TASK GOAL:
In the records below, find the line that contains "(* (i) E[eps | x] = 0 a.s. *)" and the line that contains "let wmin := inf". Set down exactly those lines and every line between them, and nothing more.

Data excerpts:

>>

Theorem proposition2 (R : realType) (B d : R) (M : nat) :
  0 < B -> 2 < d ->
  exists c : R, 0 < c /\
  forall (d0 : measure_display) (T : measurableType d0) (P : probability T R)
    (p k : nat) (x : 'I_p -> T -> R) (eps : T -> R) (beta : 'cV[R]_p)
    (Delta : set 'cV[R]_k),
    (1 <= k)%N -> (k <= p)%N ->
    (* x measurable, integrable, mean zero *)
    (forall j, measurable_fun setT (x j)) ->
    (forall j, P.-integrable setT (fun w => (x j w)%:E)) ->
    (forall j, (\int[P]_w (x j w)%:E = 0)%E) ->
    measurable_fun setT eps ->
    (* (i) E[eps | x] = 0 a.s. *)
    P.-integrable setT (fun w => (eps w)%:E) ->
    (forall A, sigma_x x A -> (\int[P]_(w in A) (eps w)%:E = 0)%E) ->
    (* (ii) E[|eps|^d | x] <= B a.s. *)
    (forall A, sigma_x x A ->
       (\int[P]_(w in A) (`|eps w| `^ d)%:E <= B%:E * P A)%E) ->
    (* E|x tau|^d <= B and B^-1 <= E|x tau|^2 for tau in S_p *)
    (forall tau, unit_sphere tau ->
       (\int[P]_w (`|xmul x tau w| `^ d)%:E <= B%:E)%E) ->
    (forall tau, unit_sphere tau ->
       ((B^-1)%:E <= \int[P]_w ((xmul x tau w) ^+ 2)%:E)%E) ->
    (* (a) a minimiser of Q_o over M_k x Delta solves the weighted problem *)
    (forall m delta, Mk p k M m -> Delta delta ->
       (forall m' delta', Mk p k M m' -> Delta delta' ->
          Qo P x eps beta (m *m delta) <= Qo P x eps beta (m' *m delta')) ->
       (forall m' delta', Mk p k M m' -> Delta delta' ->
          wsqnorm (Sigma P x) (m *m delta - beta)
            <= wsqnorm (Sigma P x) (m' *m delta' - beta)))
    /\
    (* (b) ||b_k||^2 asymp min weighted objective, constants uniform *)
    (forall mo deltao, Mk p k M mo -> Delta deltao ->
       (forall m delta, Mk p k M m -> Delta delta ->
          sqnorm (mo *m deltao - beta) <= sqnorm (m *m delta - beta)) ->
       let bk := beta - mo *m deltao in
       let wmin := inf [set r | exists m delta, Mk p k M m /\ Delta delta /\
                          r = wsqnorm (Sigma P x) (m *m delta - beta)] in
       c^-1 * sqnorm bk <= wmin /\ wmin <= c * sqnorm bk).
Proof.
move=> B_gt0 d_gt2; exists (1 + B); split; first lra.
move=> d0 T P p k x eps beta Delta k_ge1 k_le_p mx _ _ meps ieps eps_mean0 eps_moment
  x_moment_d x_moment_2.
have d_ge2 : 2 <= d by exact: ltW.
have p_gt0 : 0 < p%:R :> R by rewrite ltr0n (leq_trans k_ge1 k_le_p).
have Qo_wsqnormE b : Qo P x eps beta b =
    (\int[P]_w (eps w ^+ 2) + wsqnorm (Sigma P x) (b - beta)) / p%:R.
  exact (Qo_wsqnormE d_ge2 mx x_moment_d meps ieps eps_mean0 eps_moment beta b).
have bounds v : sqnorm v / B <= wsqnorm (Sigma P x) v <= (1 + B) * sqnorm v.
  exact (wsqnorm_Sigma_bounds d_ge2 mx x_moment_d x_moment_2 v).
split=> [m delta _ _ Qo_min m' delta' Mm' Ddelta'|mo deltao Mmo Ddeltao mo_min bk wmin].
  by have := Qo_min m' delta' Mm' Ddelta'; rewrite !Qo_wsqnormE ler_pM2r ?invr_gt0 // lerD2l.
have bkE : sqnorm bk = sqnorm (mo *m deltao - beta) by rewrite /bk -opprB sqnormN.
have /andP[lb ub] : sqnorm bk / B <= wmin <= (1 + B) * sqnorm bk.
  rewrite bkE; apply: inf_sandwich.
    exists (wsqnorm (Sigma P x) (mo *m deltao - beta)); first by exists mo, deltao.
    by have /andP[] := bounds (mo *m deltao - beta).
  move=> _ [m [delta [Mm [Ddelta ->]]]]; have /andP[+ _] := bounds (m *m delta - beta).
  by apply: le_trans; rewrite ler_pM2r ?invr_gt0 //; exact: mo_min.
split=> //; apply: le_trans lb; rewrite mulrC ler_wpM2l ?sqnorm_ge0 //.
by rewrite lef_pV2 ?posrE; lra.
Qed.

<<

EXERCISE RESULT:
    (* (i) E[eps | x] = 0 a.s. *)
    P.-integrable setT (fun w => (eps w)%:E) ->
    (forall A, sigma_x x A -> (\int[P]_(w in A) (eps w)%:E = 0)%E) ->
    (* (ii) E[|eps|^d | x] <= B a.s. *)
    (forall A, sigma_x x A ->
       (\int[P]_(w in A) (`|eps w| `^ d)%:E <= B%:E * P A)%E) ->
    (* E|x tau|^d <= B and B^-1 <= E|x tau|^2 for tau in S_p *)
    (forall tau, unit_sphere tau ->
       (\int[P]_w (`|xmul x tau w| `^ d)%:E <= B%:E)%E) ->
    (forall tau, unit_sphere tau ->
       ((B^-1)%:E <= \int[P]_w ((xmul x tau w) ^+ 2)%:E)%E) ->
    (* (a) a minimiser of Q_o over M_k x Delta solves the weighted problem *)
    (forall m delta, Mk p k M m -> Delta delta ->
       (forall m' delta', Mk p k M m' -> Delta delta' ->
          Qo P x eps beta (m *m delta) <= Qo P x eps beta (m' *m delta')) ->
       (forall m' delta', Mk p k M m' -> Delta delta' ->
          wsqnorm (Sigma P x) (m *m delta - beta)
            <= wsqnorm (Sigma P x) (m' *m delta' - beta)))
    /\
    (* (b) ||b_k||^2 asymp min weighted objective, constants uniform *)
    (forall mo deltao, Mk p k M mo -> Delta deltao ->
       (forall m delta, Mk p k M m -> Delta delta ->
          sqnorm (mo *m deltao - beta) <= sqnorm (m *m delta - beta)) ->
       let bk := beta - mo *m deltao in
       let wmin := inf [set r | exists m delta, Mk p k M m /\ Delta delta /\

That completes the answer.